STAFFING
Before implementing the new system, some nurses would get 10
patients ready in the morning, while others would prep only a couple;
there was no way to monitor and record daily workloads. We can now
see how hard nurses are working and rotate assignments throughout
the week to even out the workload.
• Seamless communication.
When questions about a patient's history or
pre-procedure care arise in the OR, there's nothing more frustrating than
calling out to pre-op and waiting 5 minutes until the right nurse is locat-
ed. The new process has eliminated that hassle because the surgical
nurses know exactly whom to call to discuss the care of a specific
patient.
You can fix most issues that impact patient flow if you know about
them. Nurses in the ORs and at the corresponding pre-op beds now
develop a rhythm and rapport throughout the day, which moves
patients along more smoothly. For example, patients aren't always
compliant with pre-op directives or might present with unforeseen
issues that need to be addressed before surgery can commence.

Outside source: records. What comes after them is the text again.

Lemma det_mx22 (F : comNzRingType) (B : 'M[F]_2) :
  \det B = B 0 0 * B 1 1 - B 0 1 * B 1 0.
Proof.
rewrite (expand_det_row _ 0) !big_ord_recl big_ord0 addr0 /cofactor !det_mx11 !mxE.
rewrite expr0 expr1 mul1r mulN1r mulrN.
by congr (B _ _ * B _ _ - B _ _ * B _ _); apply: val_inj.
Qed.

Section Rank.
Variable F : fieldType.

Lemma mxrank_mxsub m n m' n' (f : 'I_m' -> 'I_m) (g : 'I_n' -> 'I_n) (A : 'M[F]_(m, n)) :
  (\rank (mxsub f g A) <= \rank A)%N.
Proof.
have -> : mxsub f g A = rowsub f 1%:M *m (A *m colsub g 1%:M).
  by rewrite mulmx_colsub mulmx1 -mxsub_mul mul1mx.
exact: leq_trans (mxrankM_maxr _ _) (mxrankM_maxl _ _).
Qed.

Lemma mxrank_ge2 m n (A : 'M[F]_(m, n)) i1 i2 j1 j2 :
  A i1 j1 * A i2 j2 != A i1 j2 * A i2 j1 -> (2 <= \rank A)%N.
Proof.
move=> minor_neq0.
pose B := mxsub (fun t : 'I_2 => if t == 0 then i1 else i2)
                (fun t : 'I_2 => if t == 0 then j1 else j2) A.
have B_unit : B \in unitmx by rewrite unitmxE det_mx22 unitfE subr_eq0 !mxE.
by rewrite -(mxrank_unit B_unit) mxrank_mxsub.
Qed.

Lemma mxrank_cross m n (A : 'M[F]_(m, n)) i0 j0 :
  (forall i j, A i j != 0 -> (i == i0) || (j == j0)) -> (\rank A <= 2)%N.
Proof.
move=> A_cross.
pose u : 'cV[F]_m := \col_i (i == i0)%:R.
pose v : 'cV[F]_m := \col_i (if i == i0 then 0 else A i j0).
pose w : 'rV[F]_n := \row_j (j == j0)%:R.
have -> : A = u *m row i0 A + v *m w.
  apply/matrixP => i j; rewrite !mxE !big_ord1 !mxE.
  have [->|ii0] := eqVneq i i0; first by rewrite mul1r mul0r addr0.
  have [->|jj0] := eqVneq j j0; first by rewrite mul0r add0r mulr1.
  rewrite mul0r add0r mulr0; apply/eqP; apply: contraT => /A_cross.
  by rewrite (negbTE ii0) (negbTE jj0).
apply: leq_trans (mxrank_add _ _) _.
by rewrite -[2%N]/(1 + 1)%N leq_add // (leq_trans (mxrankM_maxl _ _)) ?rank_leq_col.
Qed.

Those issues used to be communicated inefficiently and sporadically.
Now, with nurses in the ORs and pre-op area in constant communica-
tion, they can react to unforeseen glitches (or efficiencies, for that
matter) related to the care of their patients and adjust the surgical
schedule on the fly.
• Improved patient safety.
Patient handoffs mean more. It's not that
handoffs weren't occurring or weren't effective before, but now the 2
nurses communicating during the transfer of care are directly
involved in prepping the patient for surgery and have ownership in
the case outcome. They're meeting with firsthand knowledge of what
the patient needs and how the case should progress. There's meaning
behind the words that appear in the patient's chart.